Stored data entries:
(* For every composition $\alpha$, write $\mathcal{S}_\alpha=\sum_\beta c_\beta M_\beta$ in $\mathsf{QSym}$ and, for each $k$ at least the largest part of $\alpha$, $\mathcal{S}^{(k)}_\alpha=\sum_{\beta\ k\text{-bounded}} c^{(k)}_\beta M_\beta$ in $\mathsf{QSym}^{(k)}$. Then there exists $K$ such that for all $k\ge K$ and all compositions $\beta$ one has $c^{(k)}_\beta=c_\beta$ (in particular $c_\beta=0$ whenever $\beta$ is not $k$-bounded); that is, $\mathcal{S}^{(k)}_\alpha\to\mathcal{S}_\alpha$ as $k\to\infty$.
   Context: Compositions are finite sequences of positive integers (possibly empty $\emptyset$); $k$-bounded means all parts $\le k$; $\lambda(\alpha)$ is the sorted partition. $\mathsf{QSym}$ has basis $M_\alpha$ (monomial quasi-symmetric functions), $\mathsf{NSym}=\mathbb{Q}\langle H_1,H_2,\dots\rangle$ has basis $H_\alpha=H_{\alpha_1}\cdots H_{\alpha_m}$, paired by $\langle M_\alpha,H_\beta\rangle=\delta_{\alpha,\beta}$. $\mathsf{QSym}^{(k)}$ is the quotient of $\mathsf{QSym}$ by the ideal generated by the $M_\alpha$ with some part $>k$, $\mathsf{NSym}_{(k)}$ the subalgebra generated by $H_1,\dots,H_k$, with the induced pairing. Box-adding operators: $t_1(\alpha)=[1,\alpha_1,\dots,\alpha_m]$; for $i\ge2$, $t_i(\alpha)$ replaces the leftmost part equal to $i-1$ by $i$ (undefined if none). $\beta//\alpha$ is a horizontal composition strip of size $n$ if $\beta=t_{i_n}\cdots t_{i_1}(\alpha)$ with $1\le i_1<\cdots<i_n$. $\{\mathbf{S}_\alpha\}$ is the unique basis of $\mathsf{NSym}$ with $\mathbf{S}_\emptyset=1$ and $H_i\mathbf{S}_\alpha=\sum_\beta\mathbf{S}_\beta$ ($i\ge1$) over $\beta$ with $\beta//\alpha$ a horizontal composition strip of size $i$; $\{\mathcal{S}_\alpha\}$ (quasi-symmetric Schur functions) is the dual basis of $\mathsf{QSym}$. $k$-conjugation: hook length of cell $(i,j)$ of $\kappa$ is $\kappa_i-j+\kappa'_j-i+1$; a $(k+1)$-core has no cell of hook length $k+1$; $p(\kappa)$ has $i$-th part the number of cells in row $i$ with hook length $\le k$; $p$ is a bijection from $(k+1)$-cores to $k$-bounded partitions with inverse $c$; $\lambda^{\omega_k}=p(c(\lambda)')$. For $k$-bounded $\mu\subseteq\lambda$, $\lambda/\mu$ is a horizontal $k$-strip if no two of its cells share a column, and $\mu^{\omega_k}\subseteq\lambda^{\omega_k}$ with no two cells of $\lambda^{\omega_k}/\mu^{\omega_k}$ in the same row. For $k$-bounded $\alpha,\beta$, $\beta//\alpha$ is a horizontal $k$-composition strip of size $n$ if it is a horizontal composition strip of size $n$ and $\lambda(\beta)/\lambda(\alpha)$ is a horizontal $k$-strip. $\{\mathbf{S}^{(k)}_\alpha\}$ is the unique basis of $\mathsf{NSym}_{(k)}$ with $\mathbf{S}^{(k)}_\emptyset=1$ and $H_i\mathbf{S}^{(k)}_\alpha=\sum_\beta\mathbf{S}^{(k)}_\beta$ ($1\le i\le k$) over $\beta$ with $\beta//\alpha$ a horizontal $k$-composition strip of size $i$; $\{\mathcal{S}^{(k)}_\alpha\}$ (quasi-symmetric affine Schur functions) is the dual basis of $\mathsf{QSym}^{(k)}$. *)

From mathcomp Require Import all_boot all_order all_algebra.
From Stdlib Require ClassicalDescription.
Set Implicit Arguments. Unset Strict Implicit. Unset Printing Implicit Defensive.
Import GRing.Theory.

Definition is_comp (a : seq nat) : bool := all (fun x => 0 < x)%N a.
Definition kbounded (k : nat) (a : seq nat) : bool := all (fun x => x <= k)%N a.
Definition maxpart (a : seq nat) : nat := foldr maxn 0%N a.

Fixpoint repl_first (x y : nat) (a : seq nat) : seq nat :=
  match a with
  | [::] => [::]
  | z :: a' => if z == x then y :: a' else z :: repl_first x y a'
  end.

Definition tadd (i : nat) (a : seq nat) : option (seq nat) :=
  if i == 1%N then Some (1%N :: a)
  else if (2 <= i)%N && (i.-1 \in a) then Some (repl_first i.-1 i a) else None.

(* t_{i_n} ... t_{i_1} (a) for s = [:: i_1; ...; i_n] *)
Definition tapply (s : seq nat) (a : seq nat) : option (seq nat) :=
  foldl (fun o i => obind (tadd i) o) (Some a) s.

Fixpoint incseqs (lo m n : nat) {struct m} : seq (seq nat) :=
  match n, m with
  | 0, _ => [:: [::]]
  | n'.+1, 0 => [::]
  | n'.+1, m'.+1 => [seq lo :: s | s <- incseqs lo.+1 m' n'] ++ incseqs lo.+1 m' n
  end.

(* the (duplicate-free) list of all beta such that beta//a is a horizontal
   composition strip of size n.  Indices i_1 < ... < i_n with i_j >= 1; since
   each t_i creates a part equal to i, parts never decrease and each step
   raises the largest part by at most one, i_n <= maxpart beta <= maxpart a + n,
   so the bound below loses nothing. *)
Definition hstrips (a : seq nat) (n : nat) : seq (seq nat) :=
  undup (pmap (fun s => tapply s a) (incseqs 1 (maxpart a + n) n)).

(* an element of NSym is given by its coefficients on the basis H_beta *)
Definition nsym := seq nat -> rat.
Definition Hb (b : seq nat) : nsym := fun g => ((g == b)%:R)%R.
(* left multiplication by H_i : H_i H_beta = H_(i :: beta) *)
Definition Hmul (i : nat) (f : nsym) : nsym := fun g =>
  match g with [::] => 0%R | j :: g' => if j == i then f g' else 0%R end.
Definition in_span (P : pred (seq nat)) (f : nsym) : Prop :=
  exists l : seq (seq nat), forall g, f g != 0%R -> (g \in l) && P g.

Definition expands (P : pred (seq nat)) (S : seq nat -> nsym)
    (d : seq nat -> rat) (f : nsym) : Prop :=
  exists l : seq (seq nat),
    [/\ uniq l, all P l, (forall a, d a != 0%R -> a \in l) &
        forall g, f g = (\sum_(a <- l) d a * S a g)%R].

Definition is_basis (P : pred (seq nat)) (S : seq nat -> nsym) : Prop :=
  [/\ forall a, P a -> in_span P (S a),
      forall f, in_span P f -> exists d, expands P S d f &
      forall f d1 d2, expands P S d1 f -> expands P S d2 f -> forall a, d1 a = d2 a].

(* the basis {bS_alpha} of NSym dual to quasisymmetric Schur functions *)
Definition NSchur_basis (S : seq nat -> nsym) : Prop :=
  [/\ is_basis is_comp S,
      (forall g, S [::] g = Hb [::] g) &
      forall a i, is_comp a -> (0 < i)%N -> forall g,
        Hmul i (S a) g = (\sum_(b <- hstrips a i) S b g)%R].

Definition lam (a : seq nat) : seq nat := sort geq a.
Definition is_part (l : seq nat) : bool := sorted geq l && all (fun x => 0 < x)%N l.
Definition conj_part (l : seq nat) : seq nat :=
  [seq count (fun x => ltn j x) l | j <- iota 0 (maxpart l)].
(* hook length of cell (i,j), 1-indexed *)
Definition hook (l : seq nat) (i j : nat) : nat :=
  (nth 0 l i.-1 - j) + (nth 0 (conj_part l) j.-1 - i) + 1.
Definition is_core (k : nat) (l : seq nat) : bool :=
  is_part l &&
  all (fun i => all (fun j => hook l i j != k.+1) (iota 1 (nth 0 l i.-1)))
      (iota 1 (size l)).
(* the map p from (k+1)-cores to k-bounded partitions (zero rows dropped) *)
Definition core_to_kbdd (k : nat) (l : seq nat) : seq nat :=
  filter (fun x => 0 < x)%N
    [seq count (fun j => hook l i j <= k)%N (iota 1 (nth 0 l i.-1))
    | i <- iota 1 (size l)].
(* mu = lam^{omega_k} = p(c(lam)'), with c = p^{-1} on (k+1)-cores *)
Definition is_kconj (k : nat) (la mu : seq nat) : Prop :=
  exists kap, [/\ is_core k kap, core_to_kbdd k kap = la &
                  core_to_kbdd k (conj_part kap) = mu].
Definition part_sub (mu la : seq nat) : bool :=
  (size mu <= size la)%N && all (fun i => nth 0 mu i <= nth 0 la i)%N (iota 0 (size mu)).
Definition horiz_strip (mu la : seq nat) : bool :=
  part_sub mu la &&
  all (fun j => nth 0 (conj_part la) j <= (nth 0 (conj_part mu) j).+1)%N
      (iota 0 (maxpart la)).
Definition hkstrip (k : nat) (mu la : seq nat) : Prop :=
  [/\ is_part mu && kbounded k mu, is_part la && kbounded k la,
      horiz_strip mu la &
      exists muw law, [/\ is_kconj k mu muw, is_kconj k la law,
        part_sub muw law &
        all (fun i => nth 0 law i <= (nth 0 muw i).+1)%N (iota 0 (size law))]].

Definition pbool (P : Prop) : bool :=
  if ClassicalDescription.excluded_middle_informative P then true else false.

Definition kcomp (k : nat) : pred (seq nat) := fun a => is_comp a && kbounded k a.

Definition kNSchur_basis (k : nat) (S : seq nat -> nsym) : Prop :=
  [/\ is_basis (kcomp k) S,
      (forall g, S [::] g = Hb [::] g) &
      forall a i, kcomp k a -> (0 < i <= k)%N -> forall g,
        Hmul i (S a) g =
        (\sum_(b <- hstrips a i | kbounded k b && pbool (hkstrip k (lam a) (lam b)))
           S b g)%R].

From mathcomp Require Import all_boot all_order all_algebra.
From mathcomp Require Import zify.
Set Implicit Arguments. Unset Strict Implicit.

(* Both coefficients are obtained by iterating Pieri rules along [beta]: the
   coefficient of [S_alpha] in [H_beta] counts chains of strips from the empty
   composition to [alpha] whose sizes are the parts of [beta].  A strip of size
   [i] raises the size by [i], so both coefficients vanish unless
   [|alpha| = |beta|].  Take [K = |alpha| + 1].  If [beta] is not [k]-bounded,
   then [|beta| > k >= |alpha|].  Otherwise every composition met along a chain
   has size at most [k]; a partition of size at most [k] has all hooks at most
   [k], so it is its own [(k+1)]-core and its [k]-conjugate is its conjugate.
   Hence every horizontal composition strip met is a horizontal
   [k]-composition strip, and the two Pieri rules give the same coefficients. *)

(* [col_len a t] is the length of column [t.+1] of the diagram of [lam a], so
   [horiz_cols a b] says that [lam b / lam a] is a horizontal strip. *)
Definition col_len (a : seq nat) (t : nat) : nat := count (fun x => t < x) a.

Definition horiz_cols (a b : seq nat) : Prop :=
  forall t, col_len a t <= col_len b t <= (col_len a t).+1.

Lemma perm_repl_first x y a :
  x \in a -> perm_eq (x :: repl_first x y a) (y :: a).
Proof.
elim: a => [|z a IH] //=; rewrite in_cons.
case: (z =P x) => [->|ne]; first by move=> _; apply/permP => p /=; rewrite addnCA.
rewrite eq_sym (introF eqP ne) => /IH /permP C.
by apply/permP => p; have := C p => /=; lia.
Qed.

Lemma tadd_spec j a a' : tadd j a = Some a' ->
  [/\ 0 < j, is_comp a -> is_comp a', sumn a' = (sumn a).+1 &
      forall t, col_len a' t = col_len a t + (j.-1 == t)].
Proof.
rewrite /tadd; case: eqP => [-> [<-]|_].
  by split=> // t; rewrite /col_len /= addnC; case: t.
case: andP => // -[j2 ja] [<-].
have ja' := perm_repl_first j ja.
split=> [|ca||t]; first exact: ltnW.
- have := perm_all (fun x => 0 < x) ja'.
  by rewrite /= (ltnW j2) -[all _ a]/(is_comp a) ca => /andP [].
- by have := perm_sumn ja' => /=; lia.
- have := permP ja' (fun x => t < x); rewrite /col_len /=.
  by case: (ltngtP t j.-1) => h; case: (j.-1 =P t) => e /=; lia.
Qed.

Lemma tapply_spec s a b : tapply s a = Some b ->
  [/\ all (fun j => 0 < j) s, is_comp a -> is_comp b, sumn b = sumn a + size s &
      forall t, col_len b t = col_len a t + count (fun j => j.-1 == t) s].
Proof.
rewrite /tapply; elim: s a => [|i s IH] a /=.
  by case=> <-; split=> // [|t]; rewrite addn0.
case E: (tadd i a) => [a'|]; last first.
  by have -> : forall s, foldl (fun o j => obind (tadd j) o) None s = None by elim.
case/IH=> [s_pos a'b b_sum b_cols]; case: (tadd_spec E) => [i_pos aa' a'_sum a'_cols].
split=> [|/aa'/a'b //||t]; first by rewrite i_pos.
- by rewrite b_sum a'_sum; lia.
- by rewrite b_cols a'_cols; lia.
Qed.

§ **TASK BRIEF**
Determine how many lines in the preceding records include the word "hkstrip". The answer is that number alone.

§ **TASK ANSWER**
2